__Excerpted data__
Lemma ES_rate_spin_fiber_lt :
  \sum_(b | spin_marg b == flipped_src) ES_rate_C p a_closed b <
  \sum_(b | spin_marg b == flipped_src) ES_rate_C p a_e0 b.
Proof.
have flipped_neq : flipped_src != all_plus := cluster_flip_neq _ _ _ _ _ _.
rewrite big1 => [|b /eqP spin_b]; last first.
  apply: ES_rate_eq0 => [e|e|[x e]]; apply/negP.
  - by case/and3P => /eqP spin_eq; rewrite -spin_b /spin_marg spin_eq eqxx in flipped_neq.
  - by case/and4P => /eqP spin_eq; rewrite -spin_b /spin_marg spin_eq eqxx in flipped_neq.
  - by case/and5P => _ _ _ /=; rewrite ffunE delta_all_plus.
have inC_target : inC src dst (flip only_e0 e0, flipped_src).
  rewrite inC_cluster_flip ?inC_only_e0 ?incident_src ?only_e0_bridge //.
  by rewrite flip_self ffunE delta_all_plus.
pose target : Cstate src dst := exist _ (flip only_e0 e0, flipped_src) inC_target.
have rate_gt0 : 0 < ES_rate_C p a_e0 target.
  rewrite /ES_rate_C ES_rate_flip_cluster ?inC_only_e0 ?incident_src //.
  rewrite only_e0_bridge flip_self ffunE delta_all_plus edge_rateE /=.
  by rewrite mulr_gt0 ?invr_gt0 ?subr_gt0.
apply: (lt_le_trans rate_gt0); rewrite (bigD1 target) //= lerDl.
by apply: sumr_ge0 => b _; apply: ES_rate_ge0.
Qed.

Lemma spin_marg_not_MJP : ~ image_is_MJP (ES_rate_C p) (@spin_marg V E src dst).
Proof.
apply: (not_image_MJP_fiber_rates (a1 := a_closed) (a2 := a_e0) (y := flipped_src)) => //.
- exact: cluster_flip_neq.
- exact: ES_rate_spin_fiber_lt.
Qed.

End SpinMarginal.

Theorem theorem5 (R : realType) (V E : finType) (src dst : E -> V)
  (no_loop : forall e, src e != dst e)
  (simple : forall e f, [set src e; dst e] = [set src f; dst f] -> e = f)
  (E_nonempty : (0 < #|E|)%N)
  (p : R) (p_gt0 : 0 < p) (p_lt1 : p < 1) :
  reversible (fun a : Cstate src dst => IP src dst p (val a)) (@ES_rate_C R V E src dst p)
  /\ image_is_MJP_with_rates (@ES_rate_C R V E src dst p) (@edge_marg V E src dst)
       (FK_rate src dst p)
  /\ ~ image_is_MJP (@ES_rate_C R V E src dst p) (@spin_marg V E src dst).
Proof.
split; first exact: ES_rate_C_reversible.
split; first exact: edge_marg_FK.
have [e0 _] := card_gt0P E_nonempty.
exact: spin_marg_not_MJP e0 no_loop p_gt0 p_lt1.
Qed.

__Task__
Nothing in the entries should be skipped. Output them all exactly.

__The answer__
Lemma ES_rate_spin_fiber_lt :
  \sum_(b | spin_marg b == flipped_src) ES_rate_C p a_closed b <
  \sum_(b | spin_marg b == flipped_src) ES_rate_C p a_e0 b.
Proof.
have flipped_neq : flipped_src != all_plus := cluster_flip_neq _ _ _ _ _ _.
rewrite big1 => [|b /eqP spin_b]; last first.
  apply: ES_rate_eq0 => [e|e|[x e]]; apply/negP.
  - by case/and3P => /eqP spin_eq; rewrite -spin_b /spin_marg spin_eq eqxx in flipped_neq.
  - by case/and4P => /eqP spin_eq; rewrite -spin_b /spin_marg spin_eq eqxx in flipped_neq.
  - by case/and5P => _ _ _ /=; rewrite ffunE delta_all_plus.
have inC_target : inC src dst (flip only_e0 e0, flipped_src).
  rewrite inC_cluster_flip ?inC_only_e0 ?incident_src ?only_e0_bridge //.
  by rewrite flip_self ffunE delta_all_plus.
pose target : Cstate src dst := exist _ (flip only_e0 e0, flipped_src) inC_target.
have rate_gt0 : 0 < ES_rate_C p a_e0 target.
  rewrite /ES_rate_C ES_rate_flip_cluster ?inC_only_e0 ?incident_src //.
  rewrite only_e0_bridge flip_self ffunE delta_all_plus edge_rateE /=.
  by rewrite mulr_gt0 ?invr_gt0 ?subr_gt0.
apply: (lt_le_trans rate_gt0); rewrite (bigD1 target) //= lerDl.
by apply: sumr_ge0 => b _; apply: ES_rate_ge0.
Qed.

Lemma spin_marg_not_MJP : ~ image_is_MJP (ES_rate_C p) (@spin_marg V E src dst).
Proof.
apply: (not_image_MJP_fiber_rates (a1 := a_closed) (a2 := a_e0) (y := flipped_src)) => //.
- exact: cluster_flip_neq.
- exact: ES_rate_spin_fiber_lt.
Qed.

End SpinMarginal.

Theorem theorem5 (R : realType) (V E : finType) (src dst : E -> V)
  (no_loop : forall e, src e != dst e)
  (simple : forall e f, [set src e; dst e] = [set src f; dst f] -> e = f)
  (E_nonempty : (0 < #|E|)%N)
  (p : R) (p_gt0 : 0 < p) (p_lt1 : p < 1) :
  reversible (fun a : Cstate src dst => IP src dst p (val a)) (@ES_rate_C R V E src dst p)
  /\ image_is_MJP_with_rates (@ES_rate_C R V E src dst p) (@edge_marg V E src dst)
       (FK_rate src dst p)
  /\ ~ image_is_MJP (@ES_rate_C R V E src dst p) (@spin_marg V E src dst).
Proof.
split; first exact: ES_rate_C_reversible.
split; first exact: edge_marg_FK.
have [e0 _] := card_gt0P E_nonempty.
exact: spin_marg_not_MJP e0 no_loop p_gt0 p_lt1.
Qed.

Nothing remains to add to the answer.